In this proof of concept study, we present a method for developing a classification model for past-year suicide attempt among psychiatrically hospitalized adolescents using natural language processing and machine learning of clinical narratives from electronic health record data preceding admission. From a sample of 73 patients admitted to a psychiatric unit, we developed a classification algorithm with moderate sensitivity and negative predictive value, a modest AUC, and an accuracy below the most frequent class baseline. To the best of our knowledge, this is the first time unstructured data has been analyzed using NLP to develop a machine learning classification algorithm in an adolescent inpatient population. This initial signal of success using a small sample should be validated in larger datasets. The approach demonstrates how EHR notes, enriched with clinically relevant information for adolescent suicide attempt, can be used to identify youth with histories of suicidal behavior, which can aid inpatient treatment planning during a particularly vulnerable time for this high risk population.
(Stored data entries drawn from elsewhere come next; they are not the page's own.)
Lemma lp_dist_summable x y : in_lp G p x -> in_lp G p y -> summable (powseq p (dseq x y)).
Proof.
  intros Hx Hy. apply (minkowski p p_ge1 (dseq x (pone G)) (dseq y (pone G)));
    auto using dseq_nonneg.
  intro n; apply gdist_via_one.
Qed.

Lemma lp_one : in_lp G p (pone G).
Proof.
  apply in_lp_dseq, (lp_norm_zero p). intro n; apply gdist_refl.
Qed.

Lemma lp_mul_closed x y : in_lp G p x -> in_lp G p y -> in_lp G p (pmul G x y).
Proof.
  intros Hx Hy.
  apply (minkowski p p_ge1 (dseq x (pone G)) (dseq y (pone G)) (dseq (pmul G x y) (pone G)));
    auto using dseq_nonneg.
  intro n; apply gdist_mul_one.
Qed.

Lemma lp_inv_closed x : in_lp G p x -> in_lp G p (pinv G x).
Proof.
  intros Hx. apply (lp_norm_mono p p_pos (dseq x (pone G)) (dseq (pinv G x) (pone G)));
    auto using dseq_nonneg.
  intro n. unfold dseq, pinv, pone. rewrite gdist_inv_one. lra.
Qed.

Lemma lp_dist_eq0 x y : in_lp G p x -> in_lp G p y -> (lp_dist G p x y = 0 <-> x = y).
Proof.
  intros Hx Hy. rewrite lp_dist_dseq. split.
  - intros H0. apply functional_extensionality_dep. intro n. apply (gdist_eq0 (G n)).
    pose proof (term_le_norm p p_pos (dseq x y) n (dseq_nonneg x y) (lp_dist_summable x y Hx Hy)).
    pose proof (dseq_nonneg x y n). unfold dseq in *. lra.
  - intros <-. apply (lp_norm_zero p). intro n; apply gdist_refl.
Qed.

Lemma lp_dist_sym x y : in_lp G p x -> in_lp G p y -> lp_dist G p x y = lp_dist G p y x.
Proof.
  intros Hx Hy. rewrite !lp_dist_dseq.
  assert (Hxy : forall n, dseq x y n <= dseq y x n) by (intro n; unfold dseq; rewrite gdist_sym; lra).
  assert (Hyx : forall n, dseq y x n <= dseq x y n) by (intro n; unfold dseq; rewrite gdist_sym; lra).
  destruct (lp_norm_mono p p_pos _ _ (dseq_nonneg x y) (lp_dist_summable y x Hy Hx) Hxy).
  destruct (lp_norm_mono p p_pos _ _ (dseq_nonneg y x) (lp_dist_summable x y Hx Hy) Hyx).
  lra.
Qed.

Lemma lp_dist_triangle x y z : in_lp G p x -> in_lp G p y -> in_lp G p z ->
  lp_dist G p x z <= lp_dist G p x y + lp_dist G p y z.
Proof.
  intros Hx Hy Hz. rewrite !lp_dist_dseq.
  apply (minkowski p p_ge1 (dseq x y) (dseq y z)); auto using dseq_nonneg, lp_dist_summable.
  intro n; apply gdist_triangle.
Qed.

Lemma lp_double x : in_lp G p x -> summable (powseq p (fun n => 2 * dseq x (pone G) n)).
Proof.
  intros Hx. apply (minkowski p p_ge1 (dseq x (pone G)) (dseq x (pone G)));
    auto using dseq_nonneg.
  - intro n; pose proof (dseq_nonneg x (pone G) n); lra.
  - intro n; lra.
Qed.

Lemma lp_mul_continuous x y eps : in_lp G p x -> in_lp G p y -> 0 < eps ->
  exists delta, 0 < delta /\ forall x' y', in_lp G p x' -> in_lp G p y' ->
    lp_dist G p x x' < delta -> lp_dist G p y y' < delta ->
    lp_dist G p (pmul G x y) (pmul G x' y') < eps.
Proof.
  intros Hx Hy He.
  (* Moving x to x' with y fixed: coordinates of d(x y, x' y) are dominated by
     2|y_n| + d(x_n, x'_n) and tend to 0 by continuity of each gmul. *)
  destruct (lp_continuity p p_ge1 (fun n => 2 * dseq y (pone G) n)
              (fun x' n => gdist (G n) (gmul (G n) (x n) (y n)) (gmul (G n) (x' n) (y n)))
              (fun x' => dseq x x'))
    with (eps := eps / 2) as [d1 [Hd1 Hd1']].
  - intro n; pose proof (dseq_nonneg y (pone G) n); lra.
  - apply lp_double; exact Hy.
  - intros z n; apply gdist_ge0.
  - intro z; apply dseq_nonneg.
  - intros z n; apply gdist_mul_l_perturb.
  - intros n eta Heta. destruct (gmul_cont (G n) (x n) (y n) eta Heta) as [d [Hd Hd']].
    exists d; split; auto. intros z Hz. apply Hd'; auto. rewrite gdist_refl; lra.
  - lra.
  - exists (Rmin d1 (eps / 2)). split; [apply Rmin_pos; lra|].
    intros x' y' Hx' Hy' Hdx Hdy. rewrite lp_dist_dseq in *.
    pose proof (Rmin_l d1 (eps / 2)). pose proof (Rmin_r d1 (eps / 2)).
    destruct (Hd1' x' (lp_dist_summable x x' Hx Hx')) as [Sr Nr]; [lra|].
    (* Then moving y to y' with x' fixed is an isometry by left invariance. *)
    destruct (minkowski p p_ge1 _ (dseq y y') (dseq (pmul G x y) (pmul G x' y'))
                (fun n => gdist_ge0 _ _ _) (dseq_nonneg y y') (dseq_nonneg _ _) Sr
                (lp_dist_summable y y' Hy Hy')) as [_ Nm].
    { intro n. unfold dseq, pmul. rewrite <- (gdist_linv (G n) (x' n) (y n) (y' n)).
      apply gdist_triangle. }
    lra.
Qed.

Lemma lp_inv_continuous x eps : in_lp G p x -> 0 < eps ->
  exists delta, 0 < delta /\ forall x', in_lp G p x' -> lp_dist G p x x' < delta ->
    lp_dist G p (pinv G x) (pinv G x') < eps.
Proof.
  intros Hx He.
  destruct (lp_continuity p p_ge1 (fun n => 2 * dseq x (pone G) n)
              (fun x' n => gdist (G n) (ginv (G n) (x n)) (ginv (G n) (x' n)))
              (fun x' => dseq x x'))
    with (eps := eps) as [d [Hd Hd']].
  - intro n; pose proof (dseq_nonneg x (pone G) n); lra.
  - apply lp_double; exact Hx.
  - intros z n; apply gdist_ge0.
  - intro z; apply dseq_nonneg.
  - intros z n; apply gdist_inv_perturb.
  - intros n eta Heta. destruct (ginv_cont (G n) (x n) eta Heta) as [d [Hd Hd']].
    exists d; split; [exact Hd|]. intros z Hz. apply Hd'; exact Hz.
  - exact He.
  - exists d. split; auto. intros x' Hx' Hdx. rewrite lp_dist_dseq in *.
    apply (Hd' x' (lp_dist_summable x x' Hx Hx') Hdx).
Qed.

End LpGroup.

Theorem mainTheorem16 (G : nat -> MetricGroup) (p : R) (hp : 1 <= p) :
  lp_is_topological_group G p.
Proof.
  unfold lp_is_topological_group.
  split; [exact (lp_one G p)|].
  split; [exact (lp_mul_closed G p hp)|].
  split; [exact (lp_inv_closed G p hp)|].
  split; [exact (lp_dist_summable G p hp)|].
  split; [intros x y _ _; apply lp_norm_ge0|].
  split; [exact (lp_dist_eq0 G p hp)|].
  split; [exact (lp_dist_sym G p hp)|].
  split; [exact (lp_dist_triangle G p hp)|].
  split; [exact (lp_mul_continuous G p hp)|].
  exact (lp_inv_continuous G p hp).
Qed.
Machine learning-based algorithms can lead to methodologically sound but clinically inadequate results due to the lack of clinical context included in the model [53, 54]. This limitation may reveal the benefit of including data derived from natural language processing of clinical notes. EHR notes, especially those from mental health settings, contain a richness of description and context that, when organized for higher level analysis, may identify important relationships with adverse health care outcomes. The model we describe in this paper is therefore notable for its use of NLP-derived phrases for use in the random forest procedure, as opposed to only structured data (e.g. from drop-down and forced selection EHR fields). For example, the algorithm described in this paper yielded a high number of EHR phrases associated with family, which may demonstrate the importance of familial support and/or conflict in understanding suicidal behavior among adolescents with severe mental health difficulties. This relationship between family and suicide attempt is supported by prior machine learning research [50] as well as studies using other research methods [51, 52, 55–57]. Future studies can then explore the direction of these relationships to guide clinicians towards the most relevant family-related history to assess, document, and address in treatment planning. Thus the value in using NLP to a health care institution may be that the resulting classification model is attuned to the practice behaviors and patient characteristics of that particular setting.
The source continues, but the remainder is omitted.